━━━━━ Data for review
(* For every prime power $q$, the number $J_{\mathrm{H}}(q)$ of distinct $j$-invariants of Hessian curves over $\mathbb{F}_q$ is $$J_{\mathrm{H}}(q)=\begin{cases}q-1,& q\equiv0\pmod3,\\ \lfloor (q+11)/12\rfloor,& q\equiv1\pmod3,\\ \lfloor q/2\rfloor,& q\equiv2\pmod3.\end{cases}$$
   Context: For $u\in\mathbb{F}_q$ with $u^3\ne27$, the Hessian curve $E_{\mathrm{H},u}$ is the elliptic curve $X^3+Y^3+1=uXY$, with $j(E_{\mathrm{H},u})=\left(\frac{u(u^3+216)}{u^3-27}\right)^3$. $J_{\mathrm{H}}(q)=\#\{j(E_{\mathrm{H},u}): u\in\mathbb{F}_q,\ u^3\ne27\}$. *)

From HB Require Import structures.
From mathcomp Require Import all_boot all_order all_algebra all_field.
Set Implicit Arguments. Unset Strict Implicit. Unset Printing Implicit Defensive.
Import GRing.Theory.
Local Open Scope ring_scope.

(* j-invariant of the Hessian curve X^3 + Y^3 + 1 = u X Y *)
Definition jHess (F : fieldType) (u : F) : F :=
  (u * (u ^+ 3 + 216%:R) / (u ^+ 3 - 27%:R)) ^+ 3.

Definition hess_ok (F : fieldType) (u : F) : bool := u ^+ 3 != 27%:R.

Definition J_H (F : finFieldType) : nat :=
  #|[set jHess u | u in [pred u : F | hess_ok u]]|.

Definition J_H_formula (q : nat) : nat :=
  (if q %% 3 == 0 then q - 1
  else if q %% 3 == 1 then (q + 11) %/ 12
  else q %/ 2)%N.
Lemma nbhs_shiftpt_ball (ts : V) al (u : V) {e} : 0 < e ->
  \forall v \near u, ball (shiftpt ts al u) e (shiftpt ts al v).
Proof.
move=> e0; set S := \sum_i `|al i|.
have S0 : 0 <= S by rewrite sumr_ge0.
apply/nbhs_ballP; exists (e / (1 + S)); first by rewrite /= divr_gt0 //; lra.
move=> v /ball_rowP [_ hv]; apply/ball_rowP; split => // j.
rewrite !shiftptE opprD addrACA subrr add0r -mulrBr normrM.
have := hv j; rewrite ltr_pdivlMr; last lra.
have : `|al j| <= S by rewrite /S (bigD1 j) //= lerDl sumr_ge0.
have := normr_ge0 (u 0 j - v 0 j); have := normr_ge0 (al j).
nra.
Qed.

Lemma exists_rat_row_approx (u : V) {e} : 0 < e ->
  exists q : 'rV[rat]_n, forall j, `|u 0 j - ratr (q 0 j)| < e.
Proof.
move=> e0.
have approx j : exists qj : rat, `|u 0 j - ratr qj| < e.
  have : u 0 j - e < u 0 j + e by rewrite ltrD2l gtrN.
  move=> /rat_in_itvoo[q]; rewrite in_itv /= => /andP[h1 h2].
  by exists q; rewrite ltr_distl; apply/andP; split; lra.
have [g hg] := choice approx.
by exists (\row_j g j) => j; rewrite mxE.
Qed.

Section pattern_continuity.
Context {K : Type} (U : set V) (pat : V -> K).

Definition pattern_continuous (F : V -> R) := forall u, U u ->
  F @ within [set v | U v /\ pat v = pat u] (nbhs u) --> F u.

Lemma pattern_continuousP F : pattern_continuous F <->
  forall u, U u -> forall e, 0 < e ->
    \forall v \near u, U v -> pat v = pat u -> `|F u - F v| < e.
Proof.
split=> hF u Uu.
  move=> e e0; move: (hF u Uu) => /cvgrPdist_lt /(_ e e0); rewrite near_withinE.
  by apply: filterS => v hv Uv pv; exact: hv.
apply/cvgrPdist_lt => e e0; rewrite near_withinE.
by apply: filterS (hF u Uu e e0) => v hv [Uv pv]; exact: hv.
Qed.
(* Let $V$ be a simple unitary vertex operator algebra and let $a \in V_d$. Then for all $b \in V$ and all integers $m \geq 0$, $$\|a_m b\|^2 \leq \big(b \,\big|\, (a_{-d}a^* )_0\, b\big).$$ Consequently $\|a_m\|_n^2 \leq \|(a_{-d}a^* )_0\|_n$ for all $m \in \mathbb{Z}_{\geq 0}$ and all $n \in \mathbb{Z}$; in particular $\|a_0\|_n^2 \leq \|(a_{-d}a^* )_0\|_n$ for all $n\in\mathbb{Z}$.
   Context: A simple unitary vertex operator algebra is a vertex operator algebra $V$ (over $\mathbb{C}$) of CFT type, i.e. $V=\bigoplus_{n\geq 0}V_n$ with $V_n=\ker(L_0-n1_V)$ and $V_0=\mathbb{C}\Omega$, with vacuum $\Omega$ and conformal vector $\nu$, $Y(\nu,z)=\sum_{n}L_nz^{-n-2}$, equipped with a scalar product $(\cdot|\cdot)$ with $(\Omega|\Omega)=1$ and an antilinear involution $a\mapsto a^*$ with $\nu^*=\nu$ such that $(b|a_nc)=(a^*_{-n}b|c)$ for all $a,b,c\in V$, $n\in\mathbb{Z}$. For $a\in V$ the modes $a_n\in\mathrm{End}(V)$ are defined by $Y(z^{L_0}a,z)=\sum_{n\in\mathbb{Z}}a_nz^{-n}$; for $a\in V_d$ this means $a_n=a_{(n+d-1)}$ where $Y(a,z)=\sum_n a_{(n)}z^{-n-1}$, and $a_{-d}b=a_{(-1)}b$. Write $\|a\|=\sqrt{(a|a)}$, $V_{\leq n}=\bigoplus_{k\leq n}V_k$, and for $R\in\mathrm{End}(V)$, $\|R\|_n:=\sup\{\|Rb\|: b\in V_{\leq n},\ \|b\|\leq 1\}\in[0,+\infty]$. *)

From HB Require Import structures.
From mathcomp Require Import all_boot all_order all_algebra.
From mathcomp Require Import complex.
From mathcomp Require Import all_classical all_reals ereal.

Set Implicit Arguments.
Unset Strict Implicit.
Unset Printing Implicit Defensive.

Import Order.TTheory GRing.Theory Num.Theory.
Local Open Scope ring_scope.

(* Generalized binomial coefficient binom(r, i) for r : int, i : nat:
   r (r-1) ... (r-i+1) / i!. *)
Definition zbin (r : int) (i : nat) : int :=
  match r with
  | Posz n => ('C(n, i))%:Z
  | Negz n => (-1) ^+ i * ('C(n + i, i))%:Z   (* Negz n = -(n+1) *)
  end.

(* Raw data of a (unitary) vertex operator algebra on a complex vector space V
   (complex numbers = R[i] for R : realType).
   - Y a n b   is  a_(n) b  (Y(a,z) = sum_n a_(n) z^{-n-1});
   - vac is the vacuum Omega, conf the conformal vector nu, cc the central charge;
   - proj k is the projection onto V_k = ker(L_0 - k) w.r.t. V = (+)_{k>=0} V_k,
     dbound a is a bound on the degrees occurring in a;
   - ip is the scalar product (linear in the first variable), star the
     antilinear involution a |-> a^*. *)
Record VOAData (R : realType) (V : lmodType R[i]) := {
  Y : V -> int -> V -> V;
  vac : V;
  conf : V;
  cc : R[i];
  proj : nat -> V -> V;
  dbound : V -> nat;
  ip : V -> V -> R[i];
  star : V -> V
}.

Section Defs.
Variables (R : realType) (V : lmodType R[i]) (D : VOAData V).

Definition Lop (n : int) : V -> V := Y D (conf D) (n + 1).

Definition homog (k : nat) (a : V) : Prop := Lop 0 a = k%:R *: a.

(* shifted modes  a_n  defined by Y(z^{L_0} a, z) = sum_n a_n z^{-n};
   for a in V_d, a_n = a_(n+d-1); extended linearly via the grading. *)
Definition smode (a : V) (n : int) (b : V) : V :=
  \sum_(k < dbound D a) Y D (proj D k a) (n + k%:Z - 1) b.

Definition vnorm (v : V) : R := Num.sqrt (complex.Re (ip D v v)).

Definition Vle (n : int) : set V :=
  [set b | forall k : nat, n < k%:Z -> proj D k b = 0].

Definition opnorm (T : V -> V) (n : int) : \bar R :=
  ereal_sup [set (vnorm (T b))%:E | b in [set b | Vle n b /\ vnorm b <= 1]].

Definition voa_ideal (I : V -> Prop) : Prop :=
  I 0 /\ (forall (c : R[i]) u v, I u -> I v -> I (c *: u + v)) /\
  (forall a v n, I v -> I (Y D a n v) /\ I (Y D v n a)).

Definition is_simple_unitary_VOA : Prop :=
  (forall (c : R[i]) a a' n b, Y D (c *: a + a') n b = c *: Y D a n b + Y D a' n b) /\
  (forall (c : R[i]) a n b b', Y D a n (c *: b + b') = c *: Y D a n b + Y D a n b') /\
  (forall a b, exists N : int, forall n, N <= n -> Y D a n b = 0) /\
  (forall n b, Y D (vac D) n b = if n == -1 then b else 0) /\
  (forall a, Y D a (-1) (vac D) = a) /\
  (forall a n, 0 <= n -> Y D a n (vac D) = 0) /\
  (* Borcherds (Jacobi) identity; the sums are finite by truncation *)
  (forall a b c (p q r : int), exists K0 : nat, forall K : nat, (K0 <= K)%N ->
     \sum_(i < K) ((zbin p i)%:~R : R[i]) *: Y D (Y D a (r + i%:Z) b) (p + q - i%:Z) c =
     \sum_(i < K) (((-1) ^+ i * (zbin r i)%:~R) : R[i]) *:
        (Y D a (p + r - i%:Z) (Y D b (q + i%:Z) c)
         - (((-1) ^ r) : R[i]) *: Y D b (q + r - i%:Z) (Y D a (p + i%:Z) c))) /\
  (forall (m n : int) v,
     Lop m (Lop n v) - Lop n (Lop m v) =
       (m - n)%:~R *: Lop (m + n) v
       + (if m + n == 0 then ((m ^+ 3 - m)%:~R / 12%:R * cc D) *: v else 0)) /\
  (forall a n b, Y D (Lop (-1) a) n b = - (n%:~R *: Y D a (n - 1) b)) /\
  (forall k (c : R[i]) u v, proj D k (c *: u + v) = c *: proj D k u + proj D k v) /\
  (forall k v, homog k (proj D k v)) /\
  (forall k v, homog k v -> proj D k v = v) /\
  (forall j k v, homog k v -> j <> k -> proj D j v = 0) /\
  (forall v k, (dbound D v <= k)%N -> proj D k v = 0) /\
  (forall v, v = \sum_(k < dbound D v) proj D k v) /\
  (forall k : nat, exists s : seq V, forall v, homog k v ->
     exists c : 'I_(size s) -> R[i], v = \sum_(i < size s) c i *: nth 0 s i) /\
  (forall v, homog 0 v -> exists c : R[i], v = c *: vac D) /\
  homog 2 (conf D) /\
  (forall I, voa_ideal I -> (forall v, I v -> v = 0) \/ (forall v, I v)) /\
  (forall (c : R[i]) u u' v, ip D (c *: u + u') v = c * ip D u v + ip D u' v) /\
  (forall u v, ip D u v = conjc (ip D v u)) /\
  (forall v, 0 <= ip D v v) /\
  (forall v, ip D v v = 0 -> v = 0) /\
  ip D (vac D) (vac D) = 1 /\
  (forall (c : R[i]) u v, star D (c *: u + v) = conjc c *: star D u + star D v) /\
  (forall a, star D (star D a) = a) /\
  star D (conf D) = conf D /\
  (forall a b c (n : int), ip D b (smode a n c) = ip D (smode (star D a) (- n) b) c).

End Defs.

From Pilot Require Import Defs.

(* Let a be in V_d.  The heart of the proof is an exact formula for the
   quadratic form of the zero mode of the normal-ordered product a_{-d} a^*:
   by the Borcherds identity with p = 0, r = -1, for every x,
     (a_(-1) x)_(q) = sum_i a_(-1-i) x_(q+i) + x_(q-1-i) a_(i)   (finite sums),
   and invariance of the scalar product turns each term of the resulting
   expansion of (b | (a_{-d} a^* )_0 b) into a squared norm:
     (b | (a_{-d} a^* )_0 b) = sum_i ||a^*_(d+i) b||^2 + ||a_(i) b||^2.
   Since a_m = a_(m+d-1), the square ||a_m b||^2 is one of these nonnegative
   terms when m + d >= 1; when m = d = 0, a is a multiple of the vacuum and
   ||a_0 b|| = ||a^*_0 b|| is the term i = 0 of the first series.
   The operator-norm bounds follow by Cauchy-Schwarz on the unit ball of
   V_{<=n} and the fact that squaring commutes with suprema of nonnegative
   reals. *)

From HB Require Import structures.
From mathcomp Require Import all_boot all_order all_algebra.
From mathcomp Require Import complex.
From mathcomp Require Import all_classical all_reals ereal.
From mathcomp Require Import zify lra.
Import Order.TTheory GRing.Theory Num.Theory.
Local Open Scope ring_scope.
Local Open Scope complex_scope.
Set Implicit Arguments.
Unset Strict Implicit.
Unset Printing Implicit Defensive.

Lemma morph_add0 (U W : zmodType) (f : U -> W) :
  {morph f : u v / u + v} -> f 0 = 0.
Proof. by move=> fD; apply: (@addrI _ (f 0)); rewrite -fD !addr0. Qed.

Lemma morph_add_sum (U W : zmodType) (f : U -> W) (I : Type) (r : seq I)
    (P : pred I) (F : I -> U) :
  {morph f : u v / u + v} ->
  f (\sum_(i <- r | P i) F i) = \sum_(i <- r | P i) f (F i).
Proof. by move=> fD; apply: (big_morph f fD (morph_add0 fD)). Qed.

Lemma eventually_forall_lt (P : nat -> nat -> Prop) (n : nat) :
  (forall j, (j < n)%N -> exists K0, forall K, (K0 <= K)%N -> P j K) ->
  exists K0, forall K, (K0 <= K)%N -> forall j, (j < n)%N -> P j K.
Proof.
elim: n => [|n IH] H; first by exists 0%N.
have [K1 H1] := IH (fun j hj => H j (ltnW hj)).
have [K2 H2] := H n (ltnSn n).
exists (maxn K1 K2) => K hK j; rewrite ltnS leq_eqVlt => /orP [/eqP ->|hj].
  by apply: H2; apply: leq_trans hK; apply: leq_maxr.
by apply: H1 => //; apply: leq_trans hK; apply: leq_maxl.
Qed.

Lemma le_sum_pair (T : numDomainType) (K : nat) (F G : 'I_K -> T) (i0 : 'I_K) :
  (forall i, 0 <= F i) -> (forall i, 0 <= G i) ->
  F i0 <= \sum_(i < K) (F i + G i) /\ G i0 <= \sum_(i < K) (F i + G i).
Proof.
move=> F0 G0.
have rest0 : 0 <= \sum_(i < K | i != i0) (F i + G i).
  by apply: sumr_ge0 => i _; apply: addr_ge0.
rewrite (bigD1 i0) //=; split; first by rewrite -addrA lerDl addr_ge0.
by rewrite addrAC lerDr addr_ge0.
Qed.

Lemma sign_zbinN1 (T : nzRingType) (i : nat) :
  ((-1) ^+ i * (zbin (-1) i)%:~R : T) = 1.
Proof.
by rewrite /zbin /= add0n binn mulr1 rmorphXn rmorphN1 -exprD -signr_odd oddD addbb.
Qed.

Lemma ereal_sup_sqr_le (R : realType) (T : Type) (S : set T) (f g : T -> R)
    (x0 : T) :
  S x0 -> (forall b, S b -> 0 <= f b) -> (forall b, S b -> f b ^+ 2 <= g b) ->
  (ereal_sup [set (f b)%:E | b in S] * ereal_sup [set (f b)%:E | b in S]
     <= ereal_sup [set (g b)%:E | b in S])%E.
Proof.
move=> Sx0 f0 fg.
have g0 b : S b -> 0 <= g b by move=> Sb; apply: le_trans (fg b Sb); apply: sqr_ge0.
have supF0 : (0 <= ereal_sup [set (f b)%:E | b in S])%E.
  apply: le_trans (_ : (f x0)%:E <= _)%E; first by rewrite lee_fin f0.
  by apply: ereal_sup_ubound; exists x0.
have supG0 : (0 <= ereal_sup [set (g b)%:E | b in S])%E.
  apply: le_trans (_ : (g x0)%:E <= _)%E; first by rewrite lee_fin g0.
  by apply: ereal_sup_ubound; exists x0.
have gub b : S b -> ((g b)%:E <= ereal_sup [set (g b)%:E | b in S])%E.
  by move=> Sb; apply: ereal_sup_ubound; exists b.
move: supG0 gub; case: (ereal_sup _) => [r| |] // r0 gub; last by rewrite leey.
have fub : (ereal_sup [set (f b)%:E | b in S] <= (Num.sqrt r)%:E)%E.
  apply: ge_ereal_sup => _ [b Sb <-]; rewrite lee_fin.
  rewrite -(ger0_norm (f0 b Sb)) -sqrtr_sqr; apply: ler_wsqrtr.
  by apply: le_trans (fg b Sb) _; rewrite -lee_fin gub.
move: supF0 fub; case: (ereal_sup _) => [u| |] // u0 fub.
rewrite -EFinM lee_fin; rewrite lee_fin in fub.
have sqrt_sq : Num.sqrt r * Num.sqrt r = r by rewrite -expr2 sqr_sqrtr.
rewrite lee_fin in u0; rewrite lee_fin in r0; nra.
Qed.

Section UnitaryVOA.
Variables (R : realType) (V : lmodType R[i]) (D : VOAData V).
Hypothesis HV : is_simple_unitary_VOA D.

Lemma Y_linear_l (c : R[i]) a a' n b :
  Y D (c *: a + a') n b = c *: Y D a n b + Y D a' n b.
Proof. by move: HV; case=> H _; apply: H. Qed.

Lemma Y_linear_r (c : R[i]) a n b b' :
  Y D a n (c *: b + b') = c *: Y D a n b + Y D a n b'.
Proof. by move: HV; case=> _; case=> H _; apply: H. Qed.

Lemma vacuum_mode n b : Y D (vac D) n b = if n == -1 then b else 0.
Proof. by move: HV; do 3!case=> _; case=> H _; apply: H. Qed.

Lemma borcherds a b c (p q r : int) : exists K0 : nat, forall K : nat, (K0 <= K)%N ->
  \sum_(i < K) ((zbin p i)%:~R : R[i]) *: Y D (Y D a (r + i%:Z) b) (p + q - i%:Z) c =
  \sum_(i < K) (((-1) ^+ i * (zbin r i)%:~R) : R[i]) *:
     (Y D a (p + r - i%:Z) (Y D b (q + i%:Z) c)
      - (((-1) ^ r) : R[i]) *: Y D b (q + r - i%:Z) (Y D a (p + i%:Z) c)).
Proof. by move: HV; do 6!case=> _; case=> H _; apply: H. Qed.

Lemma L_derivative a n b : Y D (Lop D (-1) a) n b = - (n%:~R *: Y D a (n - 1) b).
Proof. by move: HV; do 8!case=> _; case=> H _; apply: H. Qed.

Lemma proj_linear k (c : R[i]) u v :
  Defs.proj D k (c *: u + v) = c *: Defs.proj D k u + Defs.proj D k v.
Proof. by move: HV; do 9!case=> _; case=> H _; apply: H. Qed.

Lemma proj_homog k v : homog D k (Defs.proj D k v).
Proof. by move: HV; do 10!case=> _; case=> H _; apply: H. Qed.

Lemma proj_id k v : homog D k v -> Defs.proj D k v = v.
Proof. by move: HV; do 11!case=> _; case=> H _; apply: H. Qed.

Lemma proj_other j k v : homog D k v -> j <> k -> Defs.proj D j v = 0.
Proof. by move: HV; do 12!case=> _; case=> H _; apply: H. Qed.

Lemma proj_bound v k : (dbound D v <= k)%N -> Defs.proj D k v = 0.
Proof. by move: HV; do 13!case=> _; case=> H _; apply: H. Qed.

Lemma proj_sum v : v = \sum_(k < dbound D v) Defs.proj D k v.
Proof. by move: HV; do 14!case=> _; case=> H _; apply: H. Qed.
━━━━━━━━━━
To do → From the records above, copy only the lines starting with the line that holds "v \near u, U" and going on through the line that holds "(* Let $V$ be", exactly as written.

Your response →
    \forall v \near u, U v -> pat v = pat u -> `|F u - F v| < e.
Proof.
split=> hF u Uu.
  move=> e e0; move: (hF u Uu) => /cvgrPdist_lt /(_ e e0); rewrite near_withinE.
  by apply: filterS => v hv Uv pv; exact: hv.
apply/cvgrPdist_lt => e e0; rewrite near_withinE.
by apply: filterS (hF u Uu e e0) => v hv [Uv pv]; exact: hv.
Qed.
(* Let $V$ be a simple unitary vertex operator algebra and let $a \in V_d$. Then for all $b \in V$ and all integers $m \geq 0$, $$\|a_m b\|^2 \leq \big(b \,\big|\, (a_{-d}a^* )_0\, b\big).$$ Consequently $\|a_m\|_n^2 \leq \|(a_{-d}a^* )_0\|_n$ for all $m \in \mathbb{Z}_{\geq 0}$ and all $n \in \mathbb{Z}$; in particular $\|a_0\|_n^2 \leq \|(a_{-d}a^* )_0\|_n$ for all $n\in\mathbb{Z}$.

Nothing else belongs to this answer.